We must've been there in the freezing, light snowfall for hours, never leaving each other's embrace. At some point or another, we had started walking, but my mind was too cluttered to have realized it.

I was leaning against Jax with my muzzle buried in the crook of his neck as tears fell from my eyes and froze on my cheeks. There was no point to be crying; it's not like my home life was worth sulking over. All that place did was make me doubt myself. It taught me that I was wrong and disgusting and that it was fine to abuse people but not fine to like a wolf. Of course I never tried to learn anything from that place, but I wasn't immortal to the slander and hate.

The whole walk was a blur. Jax would ask me something occasionally but I would only shake my head. We'd keep walking like that until we reached the door of his apartment. That's when I snapped out of it.

"Skye," Jax began to speak. He put a paw on my shoulder and the other around my waist, a sort of serious yet intimate treatment that grabbed my attention. His eyes stared deep into mine, as I finally looked up. I raised my eyebrows slightly from their furrowed position as I tried and failed to give a vocal response, only a slight pained crackle emerged from my vocal chords.

"I need you to tell me what happened when you went inside that house." He spoke every word softly with the utmost concern.

"I-I—" I tried to speak but nothing managed to come out.

"Here, let's head inside." He grabbed my hand loosely and guided me into his apartment, sitting me down while taking his extra layers of clothing off and helping me with mine. My cheeks' fur was all matted and distraught from the tears. Just thinking back on my dad and everything that happened made me want to cry again, but I still tried to hold it in.
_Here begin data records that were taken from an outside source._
(* The dual D(yt) is a convex quadratic program over a box (Q is PSD), so its
   optimal solutions are exactly the box points satisfying the KKT conditions.
   Since yt is a sign vector, the big-M constraints of P_C(y) linearize
   z = yt .* alpha and R = yt z^T exactly, u - v is then the gradient of the
   dual, and the binaries s, t encode complementarity.  Hence the feasible
   points of P_C(y) are the pairs (yt, alpha) with yt in A(y) and
   alpha in S(yt), where c_t = 1 is possible only for a non-robust test node t,
   and c_t = [t non-robust] is always feasible: both optima are the same
   maximum. *)

Lemma ge0_small_steps (R : realFieldType) (K g r : R) : 0 <= K -> 0 < r ->
  (forall dl, 0 < dl <= r -> 0 <= dl * g + 2^-1 * (dl ^+ 2 * K)) -> 0 <= g.
Proof.
move=> K0 r0 steps; rewrite leNgt; apply/negP => g0.
(* The step min(r, -g/(K+1)) makes the quadratic term at most half the linear one. *)
set dl := Num.min r (- g / (K + 1)).
have dl_gt0 : 0 < dl by rewrite lt_min r0 divr_gt0 ?oppr_gt0 //; lra.
have dlK : dl * (K + 1) <= - g.
  by rewrite -ler_pdivlMr ?ge_min ?lexx ?orbT //; lra.
have := steps dl; rewrite dl_gt0 ge_min lexx /= => /(_ isT).
nra.
Qed.

Section SvmDual.
Variables (R : realType) (m : nat) (Q : 'M[R]_m).
Hypothesis Qsym : forall i j, Q j i = Q i j.

Definition dual_grad (yt a : 'I_m -> R) i := yt i * \sum_j yt j * a j * Q i j - 1.
Definition dual_qform (yt d : 'I_m -> R) :=
  \sum_i \sum_j yt i * yt j * d i * d j * Q i j.

Lemma dual_objD (yt a d : 'I_m -> R) :
  dual_obj Q yt (fun i => a i + d i) - dual_obj Q yt a
  = \sum_i d i * dual_grad yt a i + 2^-1 * dual_qform yt d.
Proof.
set X := \sum_i \sum_j yt i * yt j * d i * a j * Q i j.
have quadD : \sum_i \sum_j yt i * yt j * (a i + d i) * (a j + d j) * Q i j =
    \sum_i \sum_j yt i * yt j * a i * a j * Q i j + (X + X) + dual_qform yt d.
  rewrite {2}/X (exchange_big _ _ _ _ _ (fun i j => yt i * yt j * d i * a j * Q i j)).
  rewrite /X /dual_qform -!big_split /=; apply: eq_bigr => i _.
  rewrite -!big_split /=; apply: eq_bigr => j _; rewrite [Q j i]Qsym; ring.
have gradE : \sum_i d i * dual_grad yt a i = X - \sum_i d i.
  rewrite -sumrB; apply: eq_bigr => i _.
  rewrite /dual_grad mulrBr mulr1 !mulr_sumr; congr (_ - _).
  by apply: eq_bigr => j _; ring.
rewrite /dual_obj quadD gradE big_split /=.
by field.
Qed.

Hypothesis Qpsd : forall x : 'rV[R]_m, 0 <= (x *m Q *m x^T) 0 0.
(* Let $m \ge 5$ be odd and $n = 3^m-1$. Then the ternary cyclic code $\mathcal{C}_{(1,2,m)}$ has parameters $[n,k,d]$ with $d \ge \frac{3^{(m-1)/2}+13}{2}$ if $m \equiv 1 \pmod 4$ and $d \ge \frac{3^{(m-1)/2}+11}{2}$ if $m \equiv 3 \pmod 4$, and $k = \frac{n}{2}$ if $m \equiv 1 \pmod 4$ and $k = \frac{n+2}{2}$ if $m \equiv 3 \pmod 4$.
   Context: Let $m \ge 2$ be an integer, $n = 3^m-1$, and let $\alpha$ be a primitive element of $\mathbb{F}_{3^m}$. For an integer $0 \le j \le n-1$ with $3$-adic expansion $j = \sum_{t=0}^{m-1} j_t 3^t$, $j_t \in \{0,1,2\}$, let $w_3(j) = \sum_{t=0}^{m-1} j_t$. For distinct $i_1, i_2 \in \{0,1,2,3\}$ let $T_{(i_1,i_2,m)} = \{1 \le j \le n-1 : w_3(j) \equiv i_1 \text{ or } i_2 \pmod 4\}$ and $g_{(i_1,i_2,m)}(x) = \prod_{j \in T_{(i_1,i_2,m)}} (x - \alpha^j) \in \mathbb{F}_3[x]$. $\mathcal{C}_{(i_1,i_2,m)}$ denotes the ternary cyclic code of length $n$ with generator polynomial $g_{(i_1,i_2,m)}(x)$. Parameters $[n,k,d]$ mean length, dimension over $\mathbb{F}_3$, and minimum Hamming distance. *)

From HB Require Import structures.
From mathcomp Require Import all_boot all_order all_algebra.
Set Implicit Arguments. Unset Strict Implicit. Unset Printing Implicit Defensive.
Import GRing.Theory.
Local Open Scope ring_scope.

Definition w3 (m j : nat) : nat := (\sum_(t < m) (j %/ 3 ^ t %% 3))%N.

Definition Tset (i1 i2 m : nat) : {set 'I_(3 ^ m - 1)} :=
  [set j : 'I_(3 ^ m - 1) | (0 < j)%N &&
     ((w3 m j %% 4 == i1 %% 4)%N || (w3 m j %% 4 == i2 %% 4)%N)].

(* The generator polynomial g_(i1,i2,m)(x) = prod_{j in T} (x - alpha^j), computed in F[x]
   where F is the field with 3^m elements and alpha a primitive element. *)
Definition gpoly (F : finFieldType) (alpha : F) (i1 i2 m : nat) : {poly F} :=
  \prod_(j in Tset i1 i2 m) ('X - (alpha ^+ j)%:P).

Definition emb3 (F : finFieldType) (a : 'F_3) : F := (val a)%:R.

Definition word_poly (n : nat) (c : 'rV['F_3]_n) : {poly 'F_3} := \sum_(i < n) (c 0 i)%:P * 'X^i.

(* The ternary cyclic code of length n = 3^m - 1 with generator polynomial g:
   the words whose polynomial is a multiple of g (i.e. the ideal (g) in F_3[x]/(x^n - 1)). *)
Definition cyc_code (F : finFieldType) (alpha : F) (i1 i2 m : nat) : {set 'rV['F_3]_(3 ^ m - 1)} :=
  [set c | gpoly alpha i1 i2 m %| map_poly (@emb3 F) (word_poly c)].

Definition code_dim (n : nat) (C : {set 'rV['F_3]_n}) : nat := \dim (<<enum C>>)%VS.

Definition hwt (n : nat) (c : 'rV['F_3]_n) : nat := #|[set i : 'I_n | c 0 i != 0]|.
Definition hdist (n : nat) (c c' : 'rV['F_3]_n) : nat := hwt (c - c').

(* The generator polynomial g has coefficients in F_3: multiplication by 3
   modulo n = 3^m - 1 rotates base-3 digits, so it preserves digit sums and
   permutes the defining set T, and the Frobenius map fixes g.  So the dimension
   is n - |T|, and |T| is read off from the numbers of digit strings with a given
   digit sum modulo 4, which satisfy a three-term recurrence in m.
   For the distance write m = 2h + 1 and 3^h = 2R + 1, so n = 2 (6R^2 + 6R + 1).
   The multiplier u = n/2 - (3^h + 1) for odd h, u = n/2 - (3^h - 1) for even h,
   is invertible modulo n, and for 1 <= k <= L, where L = R + 5 or R + 6, the
   residue of u k modulo n has an explicit base-3 expansion with digit sum 1 or 2
   modulo 4.  So alpha^u is a primitive n-th root of unity whose first L powers
   are zeros of the code, and the BCH bound gives d > L. *)

From HB Require Import structures.
From mathcomp Require Import all_boot all_algebra all_field zify ring.
Import GRing.Theory.

Lemma w3_nil j : w3 0 j = 0.
Proof. by rewrite /w3 big_ord0. Qed.

Lemma w3S m j : w3 m.+1 j = j %% 3 + w3 m (j %/ 3).
Proof.
rewrite /w3 big_ord_recl expn0 divn1; congr (_ + _).
by apply: eq_bigr => i _; rewrite /= expnS divnMA.
Qed.

Lemma w3_digit m q r : r < 3 -> w3 m.+1 (3 * q + r) = r + w3 m q.
Proof. by move=> r_lt3; rewrite w3S; congr (_ + w3 m _); lia. Qed.

Lemma w3_0 m : w3 m 0 = 0.
Proof. by rewrite /w3 big1 // => i _; rewrite div0n mod0n. Qed.

Lemma w3_le m j : w3 m j <= 2 * m.
Proof.
elim: m j => [|m IHm] j; first by rewrite w3_nil.
by rewrite w3S; have := IHm (j %/ 3); have := ltn_pmod j (isT : 0 < 3); lia.
Qed.

Lemma base3_ind (P : nat -> nat -> Prop) :
  (P 0 0) -> (forall m q r, q < 3 ^ m -> r < 3 -> P m q -> P m.+1 (3 * q + r)) ->
  forall m y, y < 3 ^ m -> P m y.
Proof.
move=> P00 PS; elim=> [|m IHm] y; first by rewrite expn0 ltnS leqn0 => /eqP ->.
rewrite expnS (divn_eq y 3) mulnC => y_lt.
apply: PS; [lia | exact: ltn_pmod | apply: IHm; lia].
Qed.

Lemma w3_cat a b x y : y < 3 ^ a -> w3 (a + b) (x * 3 ^ a + y) = w3 a y + w3 b x.
Proof.
move: a y; apply: base3_ind => [|a q r q_lt r_lt3 IHa]; first by rewrite w3_nil muln1 addn0.
have -> : x * 3 ^ a.+1 + (3 * q + r) = 3 * (x * 3 ^ a + q) + r by rewrite expnS; lia.
by rewrite addSn !w3_digit // IHa addnA.
Qed.

Lemma w3_compl m y : y < 3 ^ m -> w3 m (3 ^ m - 1 - y) = 2 * m - w3 m y.
Proof.
move: m y; apply: base3_ind => [|m q r q_lt r_lt3 IHm]; first by rewrite !w3_nil.
have -> : 3 ^ m.+1 - 1 - (3 * q + r) = 3 * (3 ^ m - 1 - q) + (2 - r).
  by rewrite expnS; lia.
by rewrite !w3_digit ?IHm //; [have := w3_le m q; lia | lia].
Qed.

Lemma odd_w3 m y : y < 3 ^ m -> odd (w3 m y) = odd y.
Proof.
move: m y; apply: base3_ind => [|m q r _ r_lt3 IHm]; first by rewrite w3_nil.
by rewrite /= w3_digit // !oddD IHm; case: (odd q); case: (odd r).
Qed.

Lemma w3_widen a b y : y < 3 ^ a -> a <= b -> w3 b y = w3 a y.
Proof.
move=> y_lt /subnKC <-; have := w3_cat a (b - a) 0 y y_lt.
by rewrite mul0n add0n w3_0 addn0.
Qed.

Lemma w3S_high m x y : y < 3 ^ m -> w3 m.+1 (x * 3 ^ m + y) = w3 m y + x %% 3.
Proof.
move=> y_lt; rewrite -addn1 w3_cat //; congr (_ + _).
by rewrite w3S w3_nil addn0.
Qed.

Definition w3_count m r := \sum_(0 <= j < 3 ^ m) (w3 m j %% 4 == r).

Lemma w3_countS m r : r < 4 ->
  w3_count m.+1 r = w3_count m r + w3_count m ((r + 3) %% 4) + w3_count m ((r + 2) %% 4).
Proof.
move=> r_lt4; rewrite /w3_count expnSr big_nat_mul -!big_split /=.
apply: eq_bigr => q _; rewrite -{1}[q * 3]add0n big_addn mulSn addnK.
rewrite !big_nat_recl // big_geq // addn0 addnA.
have digit d : d < 3 ->
    (w3 m.+1 (d + q * 3) %% 4 == r) = (w3 m q %% 4 == (r + 4 - d) %% 4).
  by move=> d_lt3; rewrite addnC mulnC w3_digit //; apply/eqP/eqP; lia.
rewrite !digit // subn0 modnDr (modn_small r_lt4).
have -> : r + 4 - 1 = r + 3 by lia.
by have -> : r + 4 - 2 = r + 2 by lia.
Qed.

Lemma w3_count_mod4 m : let t := 3 ^ m in
  (m %% 4 = 0 -> 4 * w3_count m 0 = t + 3 /\ 4 * w3_count m 1 + 1 = t /\
                 4 * w3_count m 2 + 1 = t /\ 4 * w3_count m 3 + 1 = t) /\
  (m %% 4 = 1 -> 4 * w3_count m 0 = t + 1 /\ 4 * w3_count m 1 = t + 1 /\
                 4 * w3_count m 2 = t + 1 /\ 4 * w3_count m 3 + 3 = t) /\
  (m %% 4 = 2 -> 4 * w3_count m 0 + 1 = t /\ 4 * w3_count m 1 + 1 = t /\
                 4 * w3_count m 2 = t + 3 /\ 4 * w3_count m 3 + 1 = t) /\
  (m %% 4 = 3 -> 4 * w3_count m 0 = t + 1 /\ 4 * w3_count m 1 + 3 = t /\
                 4 * w3_count m 2 = t + 1 /\ 4 * w3_count m 3 = t + 1).
Proof.
elim: m => [|m IHm] /=; first by rewrite /w3_count expn0 !big_nat1 !w3_nil.
rewrite !w3_countS //= expnS.
move: IHm; move: (w3_count m 0) (w3_count m 1) (w3_count m 2) (w3_count m 3) (3 ^ m) => a b c d t.
lia.
Qed.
The claw marks over my right cheek and eye must've hurt, but compared to all the stuff I was still struggling to comprehend, I hadn't really given it any thought.

I was sitting on his living room couch as he called me over from the kitchen. "Skye? Can you come here for a minute?" He said, his soothing voice calming me down slightly.

I didn't try to speak and just shakily got up and walked over to him. When he was in view, he had his paw out with a glass of water and some bandages for my eye. "Drink this," he said, "it should calm you down a bit."

I couldn't ignore how much he cared for me in the silence that followed. As I drank that glass of water, I realized I couldn't loathe in my own self-doubt. I couldn't try and hold on to everything that I thought I used to care about when in reality, none of it was true. Jax was the person in my life that I could never let go of. He cared too much for me and was the best person I had ever come across. We matched so perfectly and sometimes I still couldn't believe we were actually together.

"Was that good?" He asked.

"Y-yeah," I said, clearing my somehow dry throat.

He grabbed my paw and said, "Let's sit down while I get this on your cheek."

I nodded as he gently poured the rubbing alcohol on my cheek. I winced as it stung the wound, but kept my composure when he started rubbing my paw with his thumb, my heart rate calming down again. He wiped it off with a paper towel and proceeded to apply a bandage to my cheek, most of the pain going away.

He shifted in my direction and began to speak, "Look, Skye, I'm really sorry—"

"No, please," I cut him off, "you don't have to apologize. It was my fault and I could've handled it better. It's just something that I have to deal with, and I don't want to drag you into it. You've helped me a lot and I don't want you to have to go through any of this."

He paused for a moment in—wait, disbelief?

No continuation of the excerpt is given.